Install Console, exposing the service using a load balancer.
If you’re using NFSv4 for persistent storage in your cluster, we recommend that you use the nolock, noatime and bg mount options for your PersistentVolume. After generating the Console YAML file, add the following mount options to your PersistentVolume definition.
apiVersion: v1 kind: PersistentVolume metadata: name: twistlock-console labels: app-volume: twistlock-console annotations: volume.beta.kubernetes.io/mount-options: "nolock,noatime,bg"
  1. On your cluster controller, navigate to the directory where you downloaded and extracted the Prisma Cloud release tarball.
  2. Generate a YAML configuration file for Console, where <PLATFORM> can be linux or osx.
    The following command saves twistlock_console.yaml to the current working directory. If needed, you can edit the generated YAML file to modify the default settings.

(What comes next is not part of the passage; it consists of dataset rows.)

Lemma upd_map_seq {X : Type} (x : nat -> X) (n : nat) : upd x (map x (seq 0 n)) = x.
Proof.
  apply functional_extensionality; intro i; unfold upd.
  destruct (Nat.lt_ge_cases i n).
  - rewrite nth_map_lt with (d0 := 0), seq_nth by (rewrite ?length_seq; lia).
    reflexivity.
  - apply nth_overflow; rewrite length_map, length_seq; lia.
Qed.

Lemma nth_firstn_pad {X : Type} (f : nat -> X) (l : list X) (k i : nat) (d : X) :
  i < k -> nth i (firstn k l ++ map f (seq (length l) (k - length l))) d = nth i l (f i).
Proof.
  intro Hik; destruct (Nat.lt_ge_cases i (length l)) as [Hl|Hl].
  - rewrite app_nth1 by (rewrite length_firstn; lia).
    rewrite nth_firstn; replace (i <? k) with true by (symmetry; apply Nat.ltb_lt; lia).
    apply nth_indep; lia.
  - rewrite app_nth2 by (rewrite length_firstn; lia).
    rewrite length_firstn, nth_map_lt with (d0 := 0), seq_nth
      by (rewrite ?length_seq; lia).
    rewrite nth_overflow by lia; f_equal; lia.
Qed.

Definition splice {X : Type} (lo hi : nat) (x y : nat -> X) : nat -> X :=
  fun i => if (lo <=? i) && (i <? hi) then y i else x i.

Section Splice.
Variables (X : Type) (lo hi : nat) (x y : nat -> X).

Lemma splice_below i : i < lo -> splice lo hi x y i = x i.
Proof. intro; unfold splice; replace (lo <=? i) with false by (symmetry; apply Nat.leb_gt; lia); auto. Qed.

Lemma splice_above i : hi <= i -> splice lo hi x y i = x i.
Proof.
  intro; unfold splice; replace (i <? hi) with false by (symmetry; apply Nat.ltb_ge; lia).
  now rewrite Bool.andb_false_r.
Qed.

Lemma splice_between i : lo <= i < hi -> splice lo hi x y i = y i.
Proof.
  intro; unfold splice.
  replace (lo <=? i) with true by (symmetry; apply Nat.leb_le; lia).
  replace (i <? hi) with true by (symmetry; apply Nat.ltb_lt; lia); auto.
Qed.

Lemma splice_eqN : eqN (splice lo hi x y) x.
Proof. exists hi; apply splice_above. Qed.

Lemma map_splice {Y : Type} (f : X -> Y) :
  (fun i => f (splice lo hi x y i)) = splice lo hi (fun i => f (x i)) (fun i => f (y i)).
Proof. apply functional_extensionality; intro i; unfold splice; now destruct (_ && _). Qed.

Lemma splice_outside_eq :
  (forall i, i < lo \/ hi <= i -> x i = y i) -> splice lo hi x y = y.
Proof.
  intro Hxy; apply functional_extensionality; intro i.
  destruct (Nat.lt_ge_cases i lo); [rewrite splice_below; auto|].
  destruct (Nat.lt_ge_cases i hi); [rewrite splice_between; auto|].
  rewrite splice_above; auto.
Qed.

End Splice.

Section FinitaryType.
Variables (sym : Type) (ar : sym -> nat).

Fixpoint term_ind_list (P : term sym -> Prop) (HV : forall i, P (Var sym i))
  (HA : forall g ts, Forall P ts -> P (App g ts)) (t : term sym) : P t :=
  match t with
  | Var _ i => HV i
  | App g ts => HA g ts ((fix F l := match l return Forall P l with
                     | [] => Forall_nil _
                     | u :: l' => Forall_cons _ (term_ind_list P HV HA u) (F l') end) ts)
  end.

Lemma teval_star_bullet (A : talg sym) : rho_dim ar A ->
  forall t x (H : tr A x), teval A (star (bullet ar t)) x H = teval A t x H.
Proof.
  intros HA t; induction t as [i|g ts IH] using term_ind_list; intros x H; [reflexivity|].
  cbn [star bullet teval]; apply HA.
  - eapply eqN_trans; [apply upd_eqN | apply eqN_sym, upd_eqN].
  - intros i Hi; unfold upd.
    rewrite firstn_map, map_map, map_app, map_map, map_map.
    rewrite (map_ext_in _ (fun u => teval A u x H)) by
      (intros u Hu; apply (proj1 (Forall_forall _ _) IH);
       rewrite <- (firstn_skipn (ar g) ts); apply in_or_app; left; exact Hu).
    rewrite <- firstn_map.
    cbn [star teval]; rewrite <- (length_map (fun u => teval A u x H) ts).
    now apply nth_firstn_pad.
Qed.

Definition collapse_invariant (A : talg sym) : Prop :=
  forall g x (Hx : tr A x) M K (Hc : tr A (splice (ar g) K x (fun _ => x M))),
    ar g < K -> op A g x Hx = op A g _ Hc.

    $ <PLATFORM>/twistcli console export kubernetes --service-type LoadBalancer
  3. Deploy Console.
    $ kubectl create -f twistlock_console.yaml
  4. Wait for the service to come up completely.
    $ kubectl get service -w -n twistlock

Configure Console

Create your first admin user and enter your license key.
  1. Get the public endpoint address for Console.
    $ kubectl get service -o wide -n twistlock
  2. (Optional) Register a DNS entry for Console’s external IP address. The rest of this procedure assumes the DNS name for Console is yourconsole.example.com.
  3. (Optional) Set up a custom certificate to secure Console TLS communication.